# [WHAT THE EXERCISE ASKS]
Scan the records for the string "eqEsubset" and copy every line that holds it.

(MATERIAL FOR THIS EXERCISE Opens)

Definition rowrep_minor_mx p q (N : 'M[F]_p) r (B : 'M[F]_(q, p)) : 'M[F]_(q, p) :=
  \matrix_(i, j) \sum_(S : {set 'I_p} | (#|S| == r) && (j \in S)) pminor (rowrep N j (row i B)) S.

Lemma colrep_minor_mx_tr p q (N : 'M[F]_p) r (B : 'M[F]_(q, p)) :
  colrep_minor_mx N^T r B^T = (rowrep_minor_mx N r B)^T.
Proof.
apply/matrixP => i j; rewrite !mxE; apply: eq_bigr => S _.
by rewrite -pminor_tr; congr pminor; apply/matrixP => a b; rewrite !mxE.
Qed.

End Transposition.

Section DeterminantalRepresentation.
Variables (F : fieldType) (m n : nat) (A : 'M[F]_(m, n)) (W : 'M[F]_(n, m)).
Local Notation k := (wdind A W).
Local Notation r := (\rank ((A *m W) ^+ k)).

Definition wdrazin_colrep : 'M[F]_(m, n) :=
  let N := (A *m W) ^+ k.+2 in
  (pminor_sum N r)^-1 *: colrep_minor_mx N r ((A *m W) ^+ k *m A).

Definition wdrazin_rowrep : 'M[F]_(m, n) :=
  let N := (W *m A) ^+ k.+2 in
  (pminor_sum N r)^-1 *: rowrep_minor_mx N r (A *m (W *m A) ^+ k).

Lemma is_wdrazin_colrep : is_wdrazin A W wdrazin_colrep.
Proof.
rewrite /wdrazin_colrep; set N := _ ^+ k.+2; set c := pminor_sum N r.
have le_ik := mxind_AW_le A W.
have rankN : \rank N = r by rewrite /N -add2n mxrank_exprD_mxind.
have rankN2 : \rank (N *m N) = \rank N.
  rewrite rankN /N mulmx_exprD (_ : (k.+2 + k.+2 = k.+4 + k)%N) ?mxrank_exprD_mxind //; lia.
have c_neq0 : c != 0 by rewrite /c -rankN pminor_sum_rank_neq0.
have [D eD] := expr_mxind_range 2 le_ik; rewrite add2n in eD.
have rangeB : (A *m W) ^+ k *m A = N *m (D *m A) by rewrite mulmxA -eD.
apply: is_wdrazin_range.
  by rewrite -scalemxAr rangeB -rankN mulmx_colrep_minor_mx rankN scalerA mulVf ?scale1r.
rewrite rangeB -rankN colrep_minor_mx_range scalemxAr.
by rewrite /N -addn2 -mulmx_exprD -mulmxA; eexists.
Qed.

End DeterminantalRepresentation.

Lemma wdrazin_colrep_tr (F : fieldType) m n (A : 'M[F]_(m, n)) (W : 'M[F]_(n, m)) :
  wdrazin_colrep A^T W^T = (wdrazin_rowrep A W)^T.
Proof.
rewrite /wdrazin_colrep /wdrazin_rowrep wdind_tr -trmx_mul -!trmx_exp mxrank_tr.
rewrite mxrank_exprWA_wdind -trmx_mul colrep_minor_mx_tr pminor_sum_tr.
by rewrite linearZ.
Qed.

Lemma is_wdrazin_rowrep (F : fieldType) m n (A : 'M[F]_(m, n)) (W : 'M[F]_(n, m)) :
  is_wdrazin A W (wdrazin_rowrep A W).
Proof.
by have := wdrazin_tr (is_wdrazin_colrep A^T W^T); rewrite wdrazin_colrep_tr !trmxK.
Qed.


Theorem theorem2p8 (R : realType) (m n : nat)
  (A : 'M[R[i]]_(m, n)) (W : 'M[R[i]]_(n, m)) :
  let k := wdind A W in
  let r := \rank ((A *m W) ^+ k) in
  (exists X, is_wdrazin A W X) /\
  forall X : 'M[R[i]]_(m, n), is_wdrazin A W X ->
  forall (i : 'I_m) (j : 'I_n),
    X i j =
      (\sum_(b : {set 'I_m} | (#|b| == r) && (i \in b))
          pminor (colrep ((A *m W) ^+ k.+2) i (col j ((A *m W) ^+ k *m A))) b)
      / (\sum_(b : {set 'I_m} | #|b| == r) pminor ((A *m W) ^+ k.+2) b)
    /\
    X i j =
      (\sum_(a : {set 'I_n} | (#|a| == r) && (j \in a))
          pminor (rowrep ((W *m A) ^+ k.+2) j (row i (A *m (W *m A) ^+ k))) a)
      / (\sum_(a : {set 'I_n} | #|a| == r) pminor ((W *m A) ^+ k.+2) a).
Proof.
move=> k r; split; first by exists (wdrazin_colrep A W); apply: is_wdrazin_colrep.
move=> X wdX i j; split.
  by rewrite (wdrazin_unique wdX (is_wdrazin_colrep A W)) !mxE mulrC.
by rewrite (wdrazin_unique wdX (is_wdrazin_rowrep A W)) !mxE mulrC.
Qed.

(MATERIAL FOR THIS EXERCISE Closes)
(MATERIAL FOR THIS EXERCISE Opens)

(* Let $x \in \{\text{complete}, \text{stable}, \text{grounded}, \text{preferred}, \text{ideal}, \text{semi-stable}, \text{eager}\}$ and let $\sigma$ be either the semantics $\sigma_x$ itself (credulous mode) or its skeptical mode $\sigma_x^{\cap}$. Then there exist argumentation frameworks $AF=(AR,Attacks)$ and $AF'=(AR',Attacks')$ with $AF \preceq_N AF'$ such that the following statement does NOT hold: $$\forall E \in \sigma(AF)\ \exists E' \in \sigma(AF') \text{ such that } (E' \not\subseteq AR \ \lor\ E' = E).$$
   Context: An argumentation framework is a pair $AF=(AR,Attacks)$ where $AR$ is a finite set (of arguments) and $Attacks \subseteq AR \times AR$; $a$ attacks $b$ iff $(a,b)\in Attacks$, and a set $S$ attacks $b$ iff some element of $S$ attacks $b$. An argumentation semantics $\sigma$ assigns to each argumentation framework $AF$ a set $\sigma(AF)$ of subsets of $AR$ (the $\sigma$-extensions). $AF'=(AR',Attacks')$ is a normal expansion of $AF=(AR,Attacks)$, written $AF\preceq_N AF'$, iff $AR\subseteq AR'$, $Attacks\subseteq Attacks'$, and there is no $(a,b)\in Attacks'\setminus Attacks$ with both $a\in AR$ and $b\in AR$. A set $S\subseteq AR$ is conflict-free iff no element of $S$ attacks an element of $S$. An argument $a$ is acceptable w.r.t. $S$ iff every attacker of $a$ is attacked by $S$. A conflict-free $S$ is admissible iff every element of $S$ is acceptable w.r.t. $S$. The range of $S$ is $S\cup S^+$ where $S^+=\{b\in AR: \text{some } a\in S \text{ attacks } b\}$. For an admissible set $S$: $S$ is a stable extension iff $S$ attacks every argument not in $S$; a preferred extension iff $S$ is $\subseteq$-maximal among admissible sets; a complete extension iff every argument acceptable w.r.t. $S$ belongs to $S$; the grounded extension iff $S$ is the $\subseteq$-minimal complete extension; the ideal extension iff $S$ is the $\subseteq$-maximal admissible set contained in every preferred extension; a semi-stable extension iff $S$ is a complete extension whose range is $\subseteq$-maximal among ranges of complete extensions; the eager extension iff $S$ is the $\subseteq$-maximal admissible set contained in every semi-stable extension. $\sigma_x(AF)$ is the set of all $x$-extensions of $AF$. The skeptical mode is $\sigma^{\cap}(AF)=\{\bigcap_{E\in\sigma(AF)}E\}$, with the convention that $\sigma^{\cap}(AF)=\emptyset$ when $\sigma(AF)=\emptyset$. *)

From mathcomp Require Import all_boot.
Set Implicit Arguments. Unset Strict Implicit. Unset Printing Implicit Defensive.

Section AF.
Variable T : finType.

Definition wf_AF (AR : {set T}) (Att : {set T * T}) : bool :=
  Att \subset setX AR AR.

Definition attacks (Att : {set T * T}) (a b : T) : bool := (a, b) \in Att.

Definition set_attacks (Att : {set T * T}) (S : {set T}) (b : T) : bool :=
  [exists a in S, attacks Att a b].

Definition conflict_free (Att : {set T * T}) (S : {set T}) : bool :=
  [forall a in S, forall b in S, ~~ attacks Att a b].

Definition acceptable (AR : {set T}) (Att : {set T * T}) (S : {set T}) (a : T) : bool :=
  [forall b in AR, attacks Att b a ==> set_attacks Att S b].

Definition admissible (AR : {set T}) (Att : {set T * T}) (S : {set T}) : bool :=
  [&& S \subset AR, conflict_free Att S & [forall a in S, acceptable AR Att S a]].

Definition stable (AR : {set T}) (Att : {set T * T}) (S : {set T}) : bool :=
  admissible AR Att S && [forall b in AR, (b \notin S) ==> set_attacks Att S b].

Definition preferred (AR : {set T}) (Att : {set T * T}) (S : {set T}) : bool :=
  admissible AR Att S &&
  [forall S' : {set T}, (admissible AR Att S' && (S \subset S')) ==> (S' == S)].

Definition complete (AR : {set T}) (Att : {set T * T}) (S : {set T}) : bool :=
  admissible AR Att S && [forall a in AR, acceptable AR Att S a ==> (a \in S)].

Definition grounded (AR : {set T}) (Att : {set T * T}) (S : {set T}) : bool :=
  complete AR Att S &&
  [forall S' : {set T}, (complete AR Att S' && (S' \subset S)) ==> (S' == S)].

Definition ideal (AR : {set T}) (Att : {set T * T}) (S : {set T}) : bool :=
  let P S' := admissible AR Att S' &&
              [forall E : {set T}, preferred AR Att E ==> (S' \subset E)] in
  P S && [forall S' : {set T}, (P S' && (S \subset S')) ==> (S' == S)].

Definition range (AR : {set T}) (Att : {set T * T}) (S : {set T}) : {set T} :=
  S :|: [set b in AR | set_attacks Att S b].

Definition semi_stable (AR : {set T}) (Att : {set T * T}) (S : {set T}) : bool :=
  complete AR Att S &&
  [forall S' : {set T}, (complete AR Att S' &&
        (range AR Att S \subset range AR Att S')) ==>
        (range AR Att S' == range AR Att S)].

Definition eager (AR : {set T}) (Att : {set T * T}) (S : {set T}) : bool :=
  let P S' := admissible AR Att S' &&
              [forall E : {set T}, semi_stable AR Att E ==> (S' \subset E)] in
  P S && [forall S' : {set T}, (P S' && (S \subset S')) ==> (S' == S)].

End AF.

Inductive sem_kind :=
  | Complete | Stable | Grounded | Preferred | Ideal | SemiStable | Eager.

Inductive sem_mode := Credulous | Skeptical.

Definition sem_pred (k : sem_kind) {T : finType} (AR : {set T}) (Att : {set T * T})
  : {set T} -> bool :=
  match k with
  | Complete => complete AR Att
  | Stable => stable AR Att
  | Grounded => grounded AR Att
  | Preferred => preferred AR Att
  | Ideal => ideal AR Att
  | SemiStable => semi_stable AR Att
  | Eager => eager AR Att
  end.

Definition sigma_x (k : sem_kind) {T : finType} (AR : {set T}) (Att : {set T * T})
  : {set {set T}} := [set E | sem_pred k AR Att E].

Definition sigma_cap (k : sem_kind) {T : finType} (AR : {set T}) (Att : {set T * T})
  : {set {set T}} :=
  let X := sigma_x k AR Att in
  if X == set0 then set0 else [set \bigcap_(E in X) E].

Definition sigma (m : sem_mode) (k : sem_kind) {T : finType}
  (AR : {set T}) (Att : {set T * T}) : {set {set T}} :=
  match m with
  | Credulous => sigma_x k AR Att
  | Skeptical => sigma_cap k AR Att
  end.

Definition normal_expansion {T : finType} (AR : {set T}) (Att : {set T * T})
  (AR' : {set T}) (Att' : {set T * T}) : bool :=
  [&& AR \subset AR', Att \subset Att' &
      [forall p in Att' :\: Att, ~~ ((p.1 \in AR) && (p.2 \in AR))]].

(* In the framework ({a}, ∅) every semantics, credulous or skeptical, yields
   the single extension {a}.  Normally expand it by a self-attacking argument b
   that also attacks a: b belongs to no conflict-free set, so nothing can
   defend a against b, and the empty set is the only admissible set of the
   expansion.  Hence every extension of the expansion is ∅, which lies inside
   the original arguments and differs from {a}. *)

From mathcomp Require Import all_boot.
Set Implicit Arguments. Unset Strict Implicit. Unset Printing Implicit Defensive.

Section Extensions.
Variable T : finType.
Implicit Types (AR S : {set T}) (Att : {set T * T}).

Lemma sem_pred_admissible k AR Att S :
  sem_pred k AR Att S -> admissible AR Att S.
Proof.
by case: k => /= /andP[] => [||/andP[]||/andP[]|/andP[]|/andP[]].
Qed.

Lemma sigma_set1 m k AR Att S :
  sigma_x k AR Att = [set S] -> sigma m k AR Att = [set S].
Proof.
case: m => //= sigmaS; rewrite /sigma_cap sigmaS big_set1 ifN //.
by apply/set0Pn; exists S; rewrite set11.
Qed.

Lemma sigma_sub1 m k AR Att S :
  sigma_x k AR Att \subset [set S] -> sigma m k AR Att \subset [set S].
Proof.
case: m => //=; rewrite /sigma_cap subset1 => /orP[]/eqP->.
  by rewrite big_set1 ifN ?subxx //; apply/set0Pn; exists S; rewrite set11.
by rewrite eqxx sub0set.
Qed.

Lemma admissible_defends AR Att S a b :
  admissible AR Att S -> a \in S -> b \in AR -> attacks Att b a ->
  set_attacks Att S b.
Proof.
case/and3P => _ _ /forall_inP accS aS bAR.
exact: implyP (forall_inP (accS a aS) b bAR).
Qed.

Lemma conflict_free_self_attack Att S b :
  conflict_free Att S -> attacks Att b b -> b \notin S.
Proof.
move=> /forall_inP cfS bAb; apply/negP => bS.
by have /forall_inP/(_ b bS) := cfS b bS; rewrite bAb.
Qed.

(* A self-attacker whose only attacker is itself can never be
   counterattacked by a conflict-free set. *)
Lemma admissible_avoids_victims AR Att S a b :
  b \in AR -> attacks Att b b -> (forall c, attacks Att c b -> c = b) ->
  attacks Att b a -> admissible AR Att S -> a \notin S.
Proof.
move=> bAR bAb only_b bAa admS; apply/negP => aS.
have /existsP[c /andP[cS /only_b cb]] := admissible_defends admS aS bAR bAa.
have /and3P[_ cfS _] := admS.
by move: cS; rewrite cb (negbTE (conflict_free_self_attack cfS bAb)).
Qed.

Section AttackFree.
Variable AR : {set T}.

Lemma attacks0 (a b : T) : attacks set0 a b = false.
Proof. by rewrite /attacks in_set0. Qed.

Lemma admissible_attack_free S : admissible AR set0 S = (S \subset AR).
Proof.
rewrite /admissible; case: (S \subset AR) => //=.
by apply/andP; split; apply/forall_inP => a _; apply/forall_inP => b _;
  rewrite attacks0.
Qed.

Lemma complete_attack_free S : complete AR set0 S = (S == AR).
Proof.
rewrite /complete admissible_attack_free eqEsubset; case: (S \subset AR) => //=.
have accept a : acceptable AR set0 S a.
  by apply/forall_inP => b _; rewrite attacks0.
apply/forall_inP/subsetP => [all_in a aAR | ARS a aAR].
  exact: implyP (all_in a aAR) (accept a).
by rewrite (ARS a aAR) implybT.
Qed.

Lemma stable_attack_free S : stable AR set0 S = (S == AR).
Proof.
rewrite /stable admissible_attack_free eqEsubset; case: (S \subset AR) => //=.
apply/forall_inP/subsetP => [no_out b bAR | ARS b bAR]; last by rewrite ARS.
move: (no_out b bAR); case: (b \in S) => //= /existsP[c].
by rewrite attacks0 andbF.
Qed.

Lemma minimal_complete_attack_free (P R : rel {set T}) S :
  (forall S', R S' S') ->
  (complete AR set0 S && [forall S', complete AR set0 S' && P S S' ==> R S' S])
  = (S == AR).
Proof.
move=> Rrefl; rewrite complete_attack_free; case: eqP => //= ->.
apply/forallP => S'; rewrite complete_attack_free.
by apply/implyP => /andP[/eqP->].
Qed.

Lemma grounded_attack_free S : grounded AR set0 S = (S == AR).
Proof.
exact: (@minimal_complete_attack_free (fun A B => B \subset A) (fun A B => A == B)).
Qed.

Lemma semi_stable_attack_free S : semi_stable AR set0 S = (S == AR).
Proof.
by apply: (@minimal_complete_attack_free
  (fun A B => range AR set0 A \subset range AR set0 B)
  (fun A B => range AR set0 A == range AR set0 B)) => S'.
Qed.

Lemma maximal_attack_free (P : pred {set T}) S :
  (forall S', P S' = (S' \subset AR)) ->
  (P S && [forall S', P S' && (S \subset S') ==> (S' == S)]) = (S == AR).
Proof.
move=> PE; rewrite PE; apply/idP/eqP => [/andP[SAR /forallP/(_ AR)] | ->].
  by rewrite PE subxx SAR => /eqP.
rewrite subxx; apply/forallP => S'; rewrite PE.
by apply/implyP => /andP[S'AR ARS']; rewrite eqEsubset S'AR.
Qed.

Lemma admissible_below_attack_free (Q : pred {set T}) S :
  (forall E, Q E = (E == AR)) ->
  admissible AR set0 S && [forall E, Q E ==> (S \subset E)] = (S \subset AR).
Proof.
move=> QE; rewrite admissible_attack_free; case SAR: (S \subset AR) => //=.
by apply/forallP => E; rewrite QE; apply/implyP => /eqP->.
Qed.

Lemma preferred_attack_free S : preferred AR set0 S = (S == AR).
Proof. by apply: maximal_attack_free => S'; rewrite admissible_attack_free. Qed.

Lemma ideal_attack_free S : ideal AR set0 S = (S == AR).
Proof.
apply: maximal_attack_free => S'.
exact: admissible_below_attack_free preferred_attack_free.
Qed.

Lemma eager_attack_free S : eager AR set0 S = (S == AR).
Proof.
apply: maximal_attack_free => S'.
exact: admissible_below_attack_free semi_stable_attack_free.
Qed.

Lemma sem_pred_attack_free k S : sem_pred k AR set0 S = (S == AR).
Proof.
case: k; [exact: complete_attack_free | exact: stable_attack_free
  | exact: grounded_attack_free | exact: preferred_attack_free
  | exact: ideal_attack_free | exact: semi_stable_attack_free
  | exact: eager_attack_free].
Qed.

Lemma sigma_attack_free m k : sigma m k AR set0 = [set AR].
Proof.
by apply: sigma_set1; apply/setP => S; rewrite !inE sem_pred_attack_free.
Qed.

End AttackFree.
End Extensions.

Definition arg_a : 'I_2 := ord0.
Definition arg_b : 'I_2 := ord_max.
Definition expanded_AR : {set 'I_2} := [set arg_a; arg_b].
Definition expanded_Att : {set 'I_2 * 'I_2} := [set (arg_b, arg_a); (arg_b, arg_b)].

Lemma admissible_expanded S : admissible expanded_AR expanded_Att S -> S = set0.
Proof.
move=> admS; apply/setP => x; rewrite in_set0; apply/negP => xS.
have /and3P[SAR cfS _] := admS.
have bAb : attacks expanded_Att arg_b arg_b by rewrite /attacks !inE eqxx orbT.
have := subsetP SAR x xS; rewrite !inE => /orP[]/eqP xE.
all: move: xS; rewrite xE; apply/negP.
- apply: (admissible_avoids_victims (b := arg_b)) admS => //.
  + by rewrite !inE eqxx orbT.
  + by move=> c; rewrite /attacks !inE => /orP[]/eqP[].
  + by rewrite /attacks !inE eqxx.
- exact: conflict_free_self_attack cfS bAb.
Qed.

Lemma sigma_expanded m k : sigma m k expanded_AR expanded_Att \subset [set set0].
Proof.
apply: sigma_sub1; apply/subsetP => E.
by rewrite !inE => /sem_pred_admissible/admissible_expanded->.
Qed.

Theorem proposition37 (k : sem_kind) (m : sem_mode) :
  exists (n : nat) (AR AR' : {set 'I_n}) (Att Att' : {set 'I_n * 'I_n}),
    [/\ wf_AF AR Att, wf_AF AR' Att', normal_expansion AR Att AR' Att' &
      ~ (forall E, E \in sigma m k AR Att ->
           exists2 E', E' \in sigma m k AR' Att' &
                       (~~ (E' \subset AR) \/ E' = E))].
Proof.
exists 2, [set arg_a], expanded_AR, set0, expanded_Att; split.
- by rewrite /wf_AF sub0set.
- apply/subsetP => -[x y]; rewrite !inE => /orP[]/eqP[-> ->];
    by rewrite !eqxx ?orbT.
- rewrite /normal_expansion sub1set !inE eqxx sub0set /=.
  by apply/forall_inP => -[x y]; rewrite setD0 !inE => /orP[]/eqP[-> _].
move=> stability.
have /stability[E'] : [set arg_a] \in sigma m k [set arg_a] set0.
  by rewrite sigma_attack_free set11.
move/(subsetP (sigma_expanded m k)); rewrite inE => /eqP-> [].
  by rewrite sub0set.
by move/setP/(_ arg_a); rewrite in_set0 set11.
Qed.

(MATERIAL FOR THIS EXERCISE Closes)

# [WRITTEN RESPONSE]
rewrite /complete admissible_attack_free eqEsubset; case: (S \subset AR) => //=.
rewrite /stable admissible_attack_free eqEsubset; case: (S \subset AR) => //=.
by apply/implyP => /andP[S'AR ARS']; rewrite eqEsubset S'AR.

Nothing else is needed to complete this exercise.